• TRY IT: From the entries below, gather each line containing the word "apply".

━━━━━ GIVEN DATA ━━━━━

(* Comparison of cardinalities against a well-founded, total order on A:
   either A injects into B, or B injects into a proper initial segment of A.
   (Each element of A greedily receives a fresh element of B.) *)
Lemma wo_card_compare T U (u0 : U) (lt : T -> T -> Prop) (A : set T) (B : set U) :
  well_founded lt -> (forall x y, lt x y \/ x = y \/ lt y x) ->
  A #<= B \/ exists2 i, A i & B #<= [set j | A j /\ lt j i].
Proof.
move=> wf tot; have [f Hf] := greedy u0 A (fun _ y => B y) wf.
case: (pselect (forall i, A i ->
    exists y, B y /\ forall j, A j -> lt j i -> f j <> y)) => [fresh|].
  left; apply: (card_le_inj (f := f)) => [x Ax|x y Ax Ay fxy].
    by case: (Hf x (fresh x Ax)).
  case: (tot x y) => [xy|[//|yx]].
    by case: (Hf y (fresh y Ay)) => _ /(_ x Ax xy).
  by case: (Hf x (fresh x Ax)) => _ /(_ y Ay yx); rewrite fxy.
move/existsNP => [i /not_implyP [Ai stuck]].
right; exists i => //; apply: (card_le_surj (f := f)) => y By.
apply: contra_notP stuck => ny; exists y; split => // j Aj ji fj.
by apply: ny; exists j.
Qed.

Definition le_of T (lt : T -> T -> Prop) x y := lt x y \/ x = y.

Definition maxo T (lt : T -> T -> Prop) x y := if pselect (lt x y) then y else x.

Section WellOrder.
Variables (T : Type) (lt : T -> T -> Prop).
Hypothesis wo : is_wellorder lt.

Lemma wo_irr x : ~ lt x x. Proof. by case: wo. Qed.
Lemma wo_trans x y z : lt x y -> lt y z -> lt x z.
Proof. by case: wo => _ [h _]; apply: h. Qed.
Lemma wo_tot x y : lt x y \/ x = y \/ lt y x. Proof. by case: wo => _ [_ [h _]]. Qed.
Lemma wo_wf : well_founded lt. Proof. by case: wo => _ [_ [_ h]]. Qed.

Lemma le_of_trans x y z : le_of lt x y -> le_of lt y z -> le_of lt x z.
Proof. by move=> [xy|->] [yz|<-]; [left; exact: wo_trans xy yz|left|left|right]. Qed.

━━━━━

• RESPONSE AREA:
  left; apply: (card_le_inj (f := f)) => [x Ax|x y Ax Ay fxy].
right; exists i => //; apply: (card_le_surj (f := f)) => y By.
apply: contra_notP stuck => ny; exists y; split => // j Aj ji fj.
by apply: ny; exists j.
Proof. by case: wo => _ [h _]; apply: h. Qed.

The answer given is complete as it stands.